A research fellow with NYU School of Law’s Center for Labor and Employment Law, Yelnosky is an expert in employment and labor law. He has served as president of the Rhode Island chapter of the Labor and Employment Relations Association, and he arbitrated a major dispute between the Rhode Island Brotherhood of Correctional Officers and the State Department of Corrections.
Another focus of his scholarship involves the judicial selection process. He has written several articles and hosted a major symposium on Rhode Island’s judicial merit selection system, and the results of his research into the role of the ABA in the federal judicial selection process will soon appear in the Roger Williams Law Review. In 2013, he published an op-ed in the Washington Post that summarized the major findings of that research. He is regularly quoted in the media on these and other topics.
In the classroom, Yelnosky is a favorite with 1L students in Civil Procedure and with second- and third-year students in Employment Law, Labor Law, Employment Discrimination, and Judicial Behavior and Social Change Litigation, which he taught with the Honorable William E. Smith, chief judge of the United States District Court for the District of Rhode Island.
In his previous administrative role as associate dean, Yelnosky was instrumental in leading the law school’s successful effort to gain membership in the prestigious Association of American Law Schools.

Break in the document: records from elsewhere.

(* Let $\sigma$ be a uniform substitution, $\alpha$ a program, $U\subseteq\mathcal V\cup\Omega$, $I$ an interpretation and $w$ a state. Suppose $\sigma^{U,\emptyset}(\alpha)$ is defined with output taboo $V$, $v$ is a $U$-variation of $w$, and $(v,\tau,o)\in[\![\alpha]\!]^{\sigma^*_wI}$ with $o\neq\bot$. Then $o\cdot\tau$ is a $V$-variation of $w$.
   Context: Setting (dLCHP). Variables and channels. Variables are $\mathcal V=\mathcal V_{\mathbb R}\cup\mathcal V_{\mathbb N}\cup\mathcal V_{\mathcal T}$ (real, integer and trace variables). Each $x\in\mathcal V_{\mathbb R}$ has a differential symbol $x'\in\mathcal V_{\mathbb R}$. The variable $\mu\in\mathcal V_{\mathbb R}$ is the designated global time. $\Omega$ is the set of channel names. All channel sets and variable sets occurring in the syntax are finite or cofinite. $S^\complement$ denotes the complement of $S$. Syntax of terms. Terms have four sorts: - real terms $\theta::=x\mid f(\bar{ch},\bar e)\mid\theta_1+\theta_2\mid\theta_1\cdot\theta_2\mid(\eta)'\mid\mathrm{val}(te)\mid\mathrm{time}(te)$; - integer terms $\iota::=n\mid f(\bar{ch},\bar e)\mid\iota_1+\iota_2\mid|te|$; - channel terms $f(\bar{ch},\bar e)\mid\mathrm{chan}(te)$; - trace terms $te::=h\mid f(\bar{ch},\bar e)\mid\langle ch,\eta_1,\eta_2\rangle\mid te_1\cdot te_2\mid te\downarrow C\mid te[\iota]$. Here $\eta,\eta_i$ are polynomials with rational coefficients in real variables. $f(\bar{ch},\bar e)$ is a function symbol (including constants) annotated with a channel set $\bar{ch}\subseteq\Omega$ and applied to terms $\bar e$. Operators such as $+,\cdot,\downarrow C$ are built-in. Syntax of programs. $\alpha,\beta::=a^{\bar z}_{\bar{ch}}\mid x:=\eta\mid x:=*\mid ?\chi\mid\{x'=\eta\,\&\,\chi\}\mid\alpha;\beta\mid\alpha\cup\beta\mid\alpha^*\mid ch(h)!\eta\mid ch(h)?x\mid\alpha\parallel\beta$. Here $\chi$ is a first-order real-arithmetic formula. $a^{\bar z}_{\bar{ch}}$ is a program constant allowed to write only channels in $\bar{ch}$ and to bind only variables in $\bar z\subseteq\mathcal V_{\mathbb R}\cup\mathcal V_{\mathcal T}$. Syntax of formulas. $\phi,\psi,A,C::=e_1\sim e_2\mid p(\bar{ch},\bar e)\mid\neg\phi\mid\phi\wedge\psi\mid\forall z\,\phi\mid[\alpha]\psi\mid[\alpha]\{A,C\}\psi$. Here $\sim$ ranges over $=$, $\ge$ and trace prefix $\preceq$, and $p$ is a predicate symbol. Well-formedness (context-sensitive syntax). In every $\alpha\parallel\beta$ we require $BV(\alpha)\cap BV(\beta)\subseteq\{\mu,\mu'\}\cup\mathcal V_{\mathcal T}$. In every $[\alpha]\{A,C\}\psi$ we require $(FV(A)\cup FV(C))\cap BV(\alpha)\subseteq\mathcal V_{\mathcal T}$. Traces and states. - A trace is a finite sequence of events $\langle ch,d,s\rangle$ with $ch\in\Omega$, $d\in\mathbb R$ (value) and $s\in\mathbb R$ (timestamp), with strictly increasing timestamps. - A recorded trace additionally tags each event with a trace variable $h$. - $\epsilon$ is the empty trace; $\preceq$ is prefix and $\prec$ is strict prefix. - A state $v$ maps each variable to a value of its type (real, natural number or trace). $v[z\mapsto d]$ is the modified state. - $v\cdot\tau$ (for a recorded trace $\tau$) appends to each $v(h)$ the subsequence of untagged events of $\tau$ tagged with $h$. - $\tau\downarrow C$ is the subsequence of events whose channel lies in $C$. - $v\downarrow C$ replaces $v(h)$ by $v(h)\downarrow C$ for every $h\in\mathcal V_{\mathcal T}$. - ''$v=u$ on $S$'' means that $v$ and $u$ agree on every variable in $S$. Computations. A computation is $(v,\tau,w)$ where $v$ is a state, $\tau$ a recorded trace, and $w$ a state or $\bot$ (unfinished). The prefix order on computation outcomes is: $(\tau',w')\preceq(\tau,w)$ iff either ($w'=\bot$ and $\tau'\preceq\tau$) or $(\tau',w')=(\tau,w)$. Interpretations. An interpretation $I$ assigns: - to function symbols, functions of matching sorts (smooth in real arguments if real-valued); - to predicate symbols, relations; - to each program constant $a^{\bar z}_{\bar{ch}}$, a prefix-closed set of chronological computations that contains all $(v,\epsilon,\bot)$, such that each $(v,\tau,w)$ in it satisfies $\tau\downarrow\bar{ch}^\complement=\epsilon$, $v=w$ on $\mathcal V_{\mathcal T}$, and $w\cdot\tau=v$ on $\bar z^\complement$. Term semantics. - Variables: $Iv[\![z]\!]=v(z)$. - Function symbols: $Iv[\![f(\bar{ch},e_1,\dots,e_k)]\!]=I(f)(I\tilde v[\![e_1]\!],\dots,I\tilde v[\![e_k]\!])$ where $\tilde v=v\downarrow\bar{ch}$. - Built-ins are evaluated pointwise. - Differentials: $Iv[\![(\eta)']\!]=\sum_x v(x')\,\partial Iv[\![\eta]\!]/\partial x$. Program semantics $[\![\alpha]\!]^I$. Let $\Lambda=\{(v,\epsilon,\bot)\}$ (all states $v$). - $[\![a^{\bar z}_{\bar{ch}}]\!]^I=I(a^{\bar z}_{\bar{ch}})$. - $x:=\eta$ gives $\Lambda\cup\{(v,\epsilon,v[x\mapsto Iv[\![\eta]\!]])\}$. - $x:=*$ gives $\Lambda\cup\{(v,\epsilon,v[x\mapsto d]):d\in\mathbb R\}$. - $?\chi$ gives $\Lambda\cup\{(v,\epsilon,v):I,v\models\chi\}$. - $\{x'=\eta\&\chi\}$ gives $\Lambda$ together with all $(v,\epsilon,\varphi(s))$ for solutions $\varphi:[0,s]\to$ states of $\mu'=1,x'=\eta$ that satisfy $\chi$ throughout, keep all variables other than $x,x',\mu,\mu'$ constant, and have $\varphi(0)=v$ except on $\{x',\mu'\}$. - $ch(h)!\eta$ gives all $(v,\tau,w)$ with $(\tau,w)\preceq(\langle h,ch,Iv[\![\eta]\!],v(\mu)\rangle,v)$. - $ch(h)?x$ gives all $(v,\tau,w)$ with $(\tau,w)\preceq(\langle h,ch,d,v(\mu)\rangle,v[x\mapsto d])$ for some $d\in\mathbb R$. - $\alpha\cup\beta$ is the union of the two semantics. - $\alpha;\beta$ is $\{(v,\tau,\bot):(v,\tau,w)\in[\![\alpha]\!]^I\}\cup\{(v,\tau_1\tau_2,w):(v,\tau_1,u)\in[\![\alpha]\!]^I,(u,\tau_2,w)\in[\![\beta]\!]^I\}$. - $\alpha^*$ is $\bigcup_n[\![\alpha^n]\!]^I$ with $\alpha^0=?\mathit{true}$. - $\alpha_1\parallel\alpha_2$ gives all $(v,\tau,w_1\oplus w_2)$ such that: $(v,\tau\downarrow\alpha_j,w_j)\in[\![\alpha_j]\!]^I$ for $j=1,2$, where $\tau\downarrow\alpha_j$ is the projection onto the communication of $\alpha_j$; the final global times of $w_1$ and $w_2$ agree; and $\tau$ contains only communication of $\alpha_1$ or $\alpha_2$. Here $w_1\oplus w_2$ is $\bot$ if either is $\bot$, and otherwise equals $w_1$ on $BV(\alpha_1)$ and $w_2$ elsewhere. Formula semantics. - $I,v\models e_1\sim e_2$ iff the values are related by $\sim$. - $I,v\models p(\bar{ch},\bar e)$ iff $(I\tilde v[\![\bar e]\!])\in I(p)$ with $\tilde v=v\downarrow\bar{ch}$. - $\neg$ and $\wedge$ are classical. - $\forall z\phi$ quantifies over all values of the type of $z$. - $I,v\models[\alpha]\psi$ iff $I,w\cdot\tau\models\psi$ for all $(v,\tau,w)\in[\![\alpha]\!]^I$ with $w\ne\bot$. - $I,v\models[\alpha]\{A,C\}\psi$ iff for all $(v,\tau,w)\in[\![\alpha]\!]^I$ both hold: - (commit) if $I,v\cdot\sigma\models A$ for all $\sigma\prec\tau$, then $I,v\cdot\tau\models C$; - (post) if $I,v\cdot\sigma\models A$ for all $\sigma\preceq\tau$ and $w\neq\bot$, then $I,w\cdot\tau\models\psi$. Static semantics. Formulas are treated as truth-valued expressions. - $FV(e)$ (for a term or formula $e$) is the set of $z\in\mathcal V$ such that some $I,v,\tilde v$ with $v=\tilde v$ on $\{z\}^\complement$ give different values of $e$. - $CN(e)$ is the set of $ch\in\Omega$ such that some $I,v,\tilde v$ with $v\downarrow\{ch\}^\complement=\tilde v\downarrow\{ch\}^\complement$ give different values of $e$. - For a program $\alpha$, $FV(\alpha)$ is the set of $z$ for which there exist $I,v,\tilde v,\tau,w$ with $v=\tilde v$ on $\{z\}^\complement$ and $(v,\tau,w)\in[\![\alpha]\!]^I$, but no $(\tilde v,\tau,\tilde w)\in[\![\alpha]\!]^I$ with $\tilde w=w$ on $\{z\}^\complement$ (in particular $\tilde w=\bot$ iff $w=\bot$). - $BV(\alpha)$ is the set of $z$ such that some $I$ and $(v,\tau,w)\in[\![\alpha]\!]^I$ with $w\ne\bot$ satisfy $(w\cdot\tau)(z)\ne v(z)$. - $CN(\alpha)$ is the set of $ch$ such that some $I$ and $(v,\tau,w)\in[\![\alpha]\!]^I$ satisfy $\tau\downarrow\{ch\}\neq\epsilon$. - $V(\alpha)=FV(\alpha)\cup BV(\alpha)$. Uniform substitution. A uniform substitution $\sigma$ maps: - function symbols $f$ to terms $\sigma f(\cdot)$ of the same sort, in which the reserved nullary symbol $\cdot$ marks the argument position (symbols only usable inside programs are mapped to polynomials); - predicate symbols $p$ to formulas $\sigma p(\cdot)$ (those used in program tests are mapped to first-order real arithmetic); - program constants $a$ to programs $\sigma a$. All other symbols are left unchanged. The application is a partial operation; whenever a side condition fails, the result is undefined (''clash''), and undefinedness propagates. Terms and formulas, with taboo set $U\subseteq\mathcal V\cup\Omega$: - $\sigma^U(z)=z$ for variables $z$. - $\sigma^U(f(\bar{ch},e))$ is the result of replacing $\cdot$ in $\sigma f(\cdot)$ by $\sigma^U(e\downarrow\bar{ch})$. This is defined only if $(FV(\sigma f(\cdot))\cup CN(\sigma f(\cdot)))\cap U=\emptyset$. Here $e\downarrow\bar{ch}$ pushes the projection onto $\bar{ch}$ into $e$, e.g. $q(\bar{ch}_0,e')\downarrow\bar{ch}=q(\bar{ch}_0\cap\bar{ch},e')$. - $\sigma^U$ is homomorphic on built-in operators, on $\sim$, on $\neg$ and on $\wedge$. - $\sigma^U((\eta)')=(\sigma^{\mathcal V\cup\Omega}(\eta))'$. - $\sigma^U(p(\bar{ch},e))$ is analogous to the function symbol case. - $\sigma^U(\forall z\phi)=\forall z\,\sigma^{U\cup\{z\}}(\phi)$. - $\sigma^U([\alpha]\psi)=[\sigma^{U,\emptyset}(\alpha)]\sigma^V(\psi)$ and $\sigma^U([\alpha]\{A,C\}\psi)=[\sigma^{U,\emptyset}(\alpha)]\{\sigma^V(A),\sigma^V(C)\}\sigma^V(\psi)$, where $V$ is the output taboo of $\sigma^{U,\emptyset}(\alpha)$. Programs, with input taboo $U$ and parallel context $\Pi\subseteq\mathcal V$, yielding a result $\sigma^{U,\Pi}(\alpha)$ and an output taboo $V$: - $a^{\bar z}_{\bar{ch}}$: result $\sigma a$, output $U\cup BV(\sigma a)\cup CN(\sigma a)$; defined only if $BV(\sigma a)\subseteq\bar z$ and $CN(\sigma a)\subseteq\bar{ch}$. - $x:=\eta$: result $x:=\sigma^{U\cup\Pi}(\eta)$, output $U\cup\{x\}$. - $x:=*$: result unchanged, output $U\cup\{x\}$. - $?\chi$: result $?\sigma^{U\cup\Pi}(\chi)$, output $U$. - $\{x'=\eta\&\chi\}$: result $\{x'=\sigma^{U\cup\Pi}(\eta)\&\sigma^{U\cup\Pi}(\chi)\}$, output $U\cup\{x,x',\mu,\mu'\}$. - $ch(h)!\eta$: result $ch(h)!\sigma^{U\cup\Pi}(\eta)$, output $U\cup\{ch,h\}$. - $ch(h)?x$: result unchanged, output $U\cup\{ch,h,x\}$. - $\alpha\cup\beta$: result $\sigma^{U,\Pi}(\alpha)\cup\sigma^{U,\Pi}(\beta)$, output $V_1\cup V_2$ (the respective outputs). - $\alpha;\beta$: result $\sigma^{U,\Pi}(\alpha);\sigma^{V_1,\Pi}(\beta)$, where $V_1$ is the output of the first; the output is the output $V_2$ of the second. - $\alpha^*$: let $V$ be the output of $\sigma^{U,\Pi}(\alpha)$ (which must be defined); result $(\sigma^{V,\Pi}(\alpha))^*$, output $V$. - $\alpha\parallel\beta$: result $\sigma^{U,\Pi_\beta}(\alpha)\parallel\sigma^{U,\Pi_\alpha}(\beta)$ with outputs $V_1,V_2$; the output is $V_1\cup V_2$. Here $\Pi_\gamma=(\Pi\cup BV(\sigma^{U,\Pi}(\gamma)))\setminus(\{\mu,\mu'\}\cup\mathcal V_{\mathcal T})$. Adjoint interpretation. For an interpretation $I$ and a state $w$, the interpretation $\sigma^*_wI$ agrees with $I$ except: - $(\sigma^*_wI)(f)$ is the map $d\mapsto I[\cdot\mapsto d]\,w[\![\sigma f(\cdot)]\!]$; - $(\sigma^*_wI)(p)=\{d: I[\cdot\mapsto d],w\models\sigma p(\cdot)\}$; - $(\sigma^*_wI)(a^{\bar z}_{\bar{ch}})=[\![\sigma a]\!]^I$. Here $I[\cdot\mapsto d]$ interprets the nullary symbol $\cdot$ as $d$. Variation. For $U\subseteq\mathcal V\cup\Omega$, a state $v$ is a $U$-variation of a state $w$ iff $v\downarrow(U^\complement\cap\Omega)=w\downarrow(U^\complement\cap\Omega)$ on $U^\complement\cap\mathcal V$. *)

From Stdlib Require Import Reals List QArith Qreals Sorted ClassicalDescription.
From Coquelicot Require Import Coquelicot.
Import ListNotations.
Open Scope R_scope.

He also designed and conducted annual studies of the scholarly output of the faculties of most American law schools, which documented the achievements of the faculty at Roger Williams (fifth in New England, trailing only Yale, Harvard, Boston University and Boston College) and garnered national attention.
Yelnosky graduated cum laude from the University of Pennsylvania School of Law and magna cum laude from the University of Vermont. Before entering academia, he served as a law clerk for the Honorable Edmund V. Ludwig in the U.S. District Court for the Eastern District of Pennsylvania and worked for two law firms: Mellon, Webster & Mellon; and Morgan, Lewis, & Bockius.